How can I estimate the probability distribution of the profit on investment if I put my money in, say, S&P 500?

Beyond knowing my expected return, I want to know such things as: What are the chances my investment will be below 50% at the end of 5 years? What is the median expected value (the value at which I can be 50% sure my investment will be above that)?

closed as too broad by Grade 'Eh' Bacon, Michael, Nosrac, mhoran_psprep, Nathan L May 26 '17 at 21:37

Please edit the question to limit it to a specific problem with enough detail to identify an adequate answer. Avoid asking multiple distinct questions at once. See the How to Ask page for help clarifying this question. If this question can be reworded to fit the rules in the help center, please edit the question.

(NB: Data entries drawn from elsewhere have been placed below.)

Lemma sum_shift_mod_eq (x e : nat) : (e < N.+1)%N ->
  \sum_(j : 'I_N.+1) (nat_of_bool ((j + x) %% N.+1 == e)%N)%:R = 1 :> R.
Proof.
move=> eN.
set r := ((e + N.+1 - x %% N.+1) %% N.+1)%N.
have rN : (r < N.+1)%N by rewrite ltn_mod.
have hr : ((r + x) %% N.+1 = e)%N.
  rewrite /r modnDml -modnDmr subnK; last first.
    by apply: leq_trans (ltnW (ltn_pmod _ _)) (leq_addl _ _).
  by rewrite modnDr modn_small.
rewrite (bigD1 (Ordinal rN)) //= hr eqxx big1 ?addr0 // => j nj.
case: eqP => // hj; case/eqP: nj; apply: val_inj => /=.
have : (j + x == r + x %[mod N.+1])%N by rewrite hj hr.
by rewrite eqn_modDr !modn_small // => /eqP.
Qed.

(* Starting from j, the cycle reaches e after a delay in [0, N] determined
  by j; the delay is k for exactly one start j when k <= N. *)
Lemma sum_first_hit_shift (t k e : nat) : (e < N.+1)%N ->
  \sum_(j : 'I_N.+1) (nat_of_bool
     ([forall i : 'I_(t + k).+1, ((t <= i < t + k) ==> ((j + i) %% N.+1 != e))]
      && ((j + (t + k)) %% N.+1 == e)))%N%:R
  = (nat_of_bool (k < N.+1)%N)%:R :> R.
Proof.
move=> eN; case: (ltnP k N.+1) => hk.
  transitivity (\sum_(j : 'I_N.+1) (nat_of_bool ((j + (t + k)) %% N.+1 == e)%N)%:R : R).
    apply: eq_bigr => j _.
    case H: ((j + (t + k)) %% N.+1 == e)%N; rewrite ?andbF ?andbT //.
    rewrite (_ : [forall i : 'I_(t + k).+1, _] = true) //.
    apply/forallP => i; apply/implyP => /andP[ti ik]; apply/negP => /eqP hi.
    have : (j + i == j + (t + k) %[mod N.+1])%N by rewrite hi (eqP H).
    rewrite eqn_modDl eq_sym eqn_mod_dvd; last by lia.
    move=> /dvdn_leq; lia.
  by rewrite sum_shift_mod_eq // hk.
rewrite big1 // => j _.
case H: ((j + (t + k)) %% N.+1 == e)%N; rewrite ?andbF ?andbT //.
have lt : (t + k - N.+1 < (t + k).+1)%N by lia.
case: forallP => // /(_ (Ordinal lt)) /implyP /= h.
have /h : (t <= t + k - N.+1 < t + k)%N by lia.
suff -> : ((j + (t + k - N.+1)) %% N.+1 = (j + (t + k)) %% N.+1)%N by rewrite H.
by rewrite -(modnDr (j + (t + k - N.+1))) -addnA subnK //; lia.
Qed.

Lemma P_first_round_robin (e : 'I_N.+1) t k :
  P_first s round_robin e t k = N.+1%:R^-1 * (nat_of_bool (k < N.+1)%N)%:R.
Proof.
rewrite /P_first sum_pr_round_robin -(sum_first_hit_shift t k (ltn_ord e)).
congr (_ * _); apply: eq_bigr => j _.
rewrite /singletons finset.in_set1 -(inj_eq val_inj) tnth_cycle_tuple (eq_sym (val e)).
congr ((nat_of_bool (_ && _))%:R); apply: eq_forallb => i.
by rewrite finset.in_set1 -(inj_eq val_inj) tnth_cycle_tuple (eq_sym (val e)).
Qed.

Lemma P_test_round_robin i t : P_test round_robin i t = N.+1%:R^-1.
Proof.
rewrite /P_test sum_pr_round_robin -[X in _ = X]mulr1; congr (_ * _).
apply: eq_trans (sum_shift_mod_eq t (ltn_ord i)); apply: eq_bigr => j _.
by rewrite -(inj_eq val_inj) tnth_cycle_tuple.
Qed.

  • Are you asking for someone to provide you with research? You would estimate this by gathering the data and working up the statistics. – quid May 25 '17 at 23:08
  • @quid: I would have thought this is a very common thing and was hoping that someone could either link me to the probability distribution or explain to my why I'm wrong. – Zaz May 25 '17 at 23:29
  • The Personal Capital website does this for you and takes many factors into account. – gaefan May 26 '17 at 13:07
  • While you may not be aware of this, you are basically asking how to value your asset, and also forecast various possible events. When a question asks something like "I want to know such things as...", it is an indication that it is too broad to be answered here. If you have a specific question that is answerable, you may want to re-ask, but even the most concrete: "What is the probability that the S&P500 will be down 50% in 5 years?" is going to be very technical & opinionated, and already veering into the arena of "should I invest in the S&P500?" – Grade 'Eh' Bacon May 26 '17 at 15:33
  • 1
    @Grade'Eh'Bacon: I think that "what is the probability of being down X% in Y years" is likely too broad. But I think "how do I calculate the probability of being down X% in Y years" is on topic, and it seems to me like that is what this question is asking (although it could be asked better). I think it's legitimate to ask how to approach the question of estimating future returns, although the answer may be complicated. – BrenBarn May 26 '17 at 18:31

There is no simple answer to that, because no one knows exactly what the probability distribution of S&P 500 returns is.

Here is a sketch of one possible way to proceed.

  1. Get data on past stock prices from something like Yahoo Finance or Google Finance.
  2. Run a bunch of simulations where you pick a random date in the paste and see what the return was 5 years later.
  3. Compute whatever stats you want on this (e.g., median return, chance of being down 50%).
  4. Cross your fingers.

Don't forget step 4! The problem is that the stock market is full of surprises, so this kind of "backtesting" can only reliably tell you about what already happened, not what will happen in the future. People argue about how much you can learn from this kind of analysis. However, it is at the least a clearly defined and objective process. I wouldn't advise investing your whole nest egg in anything based just on this, but I do think that it is relevant information.